63. Are journalists killing journalism?

That’s a Jim VandeHei quote from this New York Times article yesterday:

…It starts with Mr. VandeHei’s admittedly provocative proposition that “journalists are killing journalism.” They’re doing this, he says, by “stubbornly clinging to the old ways.” That’s defined as producing 50 competing but nearly identical stories about a presidential candidate’s latest speech, or 700-word updates on the transportation budget negotiations.
Survival, Mr. VandeHei says, depends on giving readers what they really want, how they want it, when they want it, and on not spending too much money producing what they don’t want.
It’s not only about creating big audiences for advertisers, he and Mr. Allen said. It’s about convincing already-inundated audiences that they want what you’re producing, and they want it so badly that they will pay for it through subscriptions. That’s essential as advertising revenue drops to levels that will not support robust news gathering.
Hooking people on your news product is a lot harder than, say, hooking them on heroin or even coffee. But news organizations have ways they never had before to figure it out.

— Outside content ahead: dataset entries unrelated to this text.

(* Let $\gamma\in\{\tfrac12,1,\dots\}$ and $j\in\{-\tfrac12,0,\tfrac12,\dots\}$ with $j>\gamma-1$. For every $M\in\{j+1-\gamma,j+2-\gamma,\dots\}$ let $V_M\subseteq F_\gamma\otimes D^+_j$ be the span of $|\gamma,\mu\rangle\otimes|j,M-\mu\rangle$, $\mu\in\{-\gamma,\dots,\min(\gamma,M-j-1)\}$. Then the restriction $Q_M$ of $Q$ to $V_M$ is diagonalisable with pairwise distinct eigenvalues $-(j+\mu)(j+\mu+1)$, $\mu\in\{-\gamma,\dots,\min(\gamma,M-j-1)\}$. Consequently $Q$ is diagonalisable on $F_\gamma\otimes D^+_j$ (the latter has a basis of $Q$-eigenvectors).
   Context: Let $\mathfrak{spin}(2,1)_{\mathbb C}$ have basis $J_0,J_+,J_-$ with $[J_0,J_\pm]=\pm J_\pm$, $[J_+,J_-]=-2J_0$, and Casimir $Q=-J_0(J_0-1)+J_+J_-$. Set $\Gamma_\pm(j,m)=\mathrm i\sqrt{j\mp m}\,\sqrt{j\pm m+1}$. A module with basis $\{|j,m\rangle\}$ has action $J_0|j,m\rangle=m|j,m\rangle$, $J_\pm|j,m\rangle=\Gamma_\pm(j,m)|j,m\pm1\rangle$. The positive discrete series module $D^+_j$ has basis $|j,m\rangle$, $m\in\{j+1,j+2,\dots\}$; the finite-dimensional module $F_\gamma$ has basis $|\gamma,\mu\rangle$, $\mu\in\{-\gamma,\dots,\gamma\}$. On a (algebraic) tensor product the generators act as $J_0\otimes1+1\otimes J_0$, $J_\pm\otimes1+1\otimes J_\pm$; the $V_M$ are the $J_0$-eigenspaces and are $Q$-invariant. *)

(* Complex scalars: algC (algebraic complex numbers);
   half-integer labels j, m, mu, M are rationals. *)
From HB Require Import structures.
From mathcomp Require Import all_boot all_order all_algebra all_field.
Set Implicit Arguments. Unset Strict Implicit. Unset Printing Implicit Defensive.
Import Order.TTheory GRing.Theory Num.Theory.
Local Open Scope ring_scope.

(* Coefficient vectors of a module with basis |l,m>, m : rat
   (v m = coefficient of |l,m>), and of the tensor product
   (w mu m = coefficient of |gamma,mu> (x) |j,m>). *)
Definition vec := rat -> algC.
Definition tvec := rat -> rat -> algC.

Definition Gp (l m : rat) : algC :=
  'i * sqrtC (ratr (l - m)) * sqrtC (ratr (l + m + 1)).
Definition Gm (l m : rat) : algC :=
  'i * sqrtC (ratr (l + m)) * sqrtC (ratr (l - m + 1)).

Definition Fbas (gam mu : rat) : bool :=
  (- gam <= mu <= gam) && ((mu + gam) \is a Num.int).
Definition Dbas (j m : rat) : bool :=
  (j + 1 <= m) && ((m - j) \is a Num.int).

Why do journalists “produce 50 competing but nearly identical stories about a presidential candidates’ last speech”? What would change if journalists were to stop doing so? Why haven’t they stopped already? What would it take to make them stop? What are the pros and cons? What are the interests, institutions and parties involved? Which media companies do this more than others, and why?

Does Politico publish articles that are “nearly identical stories” to what’s already out there? If so, why, and should we stop? If not, why don’t we do so when others do?